So my New Years Eve was spent cleaning the garage, then running in front of the TV to see Dick Clark's ball drop and then having the cable immediately go out at 12a and about four seconds. I thought it was Y2K that was supposed to drop us back into the Stone Age, not Y2K+3! Fortunately, yesterday morning, when I was dragged out of bed in order to continue cleaning out the garage, the cable was back on, because otherwise my head would have exploded and my brains spatter on the walls, which wouldn't be such a terrific start to the New Year.
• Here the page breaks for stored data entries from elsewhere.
(* Let $\Lambda\subset\mathbb{Z}^n$ be an antichain lattice. Then $\Lambda$ is generic in the sense that it has a minimal Markov basis all of whose elements are fully supported if and only if $\Lambda$, as a subset of $\mathbb{Z}^n$, is generic in the sense that for every $\eta\in\mathbb{Z}^n$ with $T^o_\eta\cap\Lambda=\emptyset$, each face of $T_\eta$ contains at most one element of $\Lambda$.
   Context: An antichain lattice is a subgroup of $\mathbb{Z}^n$ whose distinct elements are pairwise incomparable in the componentwise order. $\alpha\in\mathbb{Z}^n$ is fully supported if $\alpha_i\ne0$ for all $i$. For $u\in\mathbb{N}^n$, the fiber $\mathcal{F}(u)=(u+\Lambda)\cap\mathbb{N}^n$. For a finite $\mathcal{B}\subseteq\Lambda$, $\mathcal{F}(u)_{\mathcal{B}}$ is the graph on $\mathcal{F}(u)$ with an edge $v$–$w$ iff $v-w\in\mathcal{B}$ or $w-v\in\mathcal{B}$. A Markov basis of $\Lambda$ is a finite $\mathcal{B}\subseteq\Lambda$ such that $\mathcal{F}(u)_{\mathcal{B}}$ is connected for every $u\in\mathbb{N}^n$; it is minimal if minimal under inclusion. $T_\eta=\eta-\mathbb{N}^n$, $T^o_\eta=\{\beta:\beta_i<\eta_i\ \forall i\}$; for nonempty $X\subseteq[n]$ the $X$-face of $T_\eta$ is $\{\alpha\in T_\eta:\alpha_i=\eta_i\ \forall i\in X\}$. *)

From HB Require Import structures.
From mathcomp Require Import all_boot all_order all_algebra.
Set Implicit Arguments. Unset Strict Implicit. Unset Printing Implicit Defensive.
Import Order.TTheory GRing.Theory Num.Theory.
Local Open Scope ring_scope.

Notation zvec n := {ffun 'I_n -> int}.

Section Defs.
Variable n : nat.
Implicit Types (L : zvec n -> Prop) (B : seq (zvec n)) (u v w a b eta : zvec n).

Definition vle a b : Prop := forall i, a i <= b i.

Definition is_subgroup L : Prop :=
  L 0 /\ (forall a b, L a -> L b -> L (a - b)).

Definition antichain_lattice L : Prop :=
  is_subgroup L /\ (forall a b, L a -> L b -> a != b -> ~ vle a b /\ ~ vle b a).

Definition fully_supported a : Prop := forall i, a i != 0.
Also fortunately, I only had two hours of garage cleaning to do before I had to bathe and get ready to leave the house. On Christmas Eve my friend Susan had emergency surgery to remove her appendix, to which event most of our mutual friends reacted "What a terrible way to spend Christmas!" while I said, "What a brilliant, perfect Christmas, not dying!" since I still have Diane's death in my head. Anyway, my friend Joan and I went to visit Susan and congratulate her on her well-timed not-dying. She lives way the fuck out by the beach which was only really an issue on the way home because dinner, while delicious, made me wildly ill. Besides that we had a swell time gossiping about online friends and enemies and I took some really nice sunset pictures out at the beach. Also, I neither had to spend the day cleaning the garage nor at the party given by a friend of my mother's that I usually am forced to attend and try to avoid this woman's asshole son whom I grew up with and cannot really ignore.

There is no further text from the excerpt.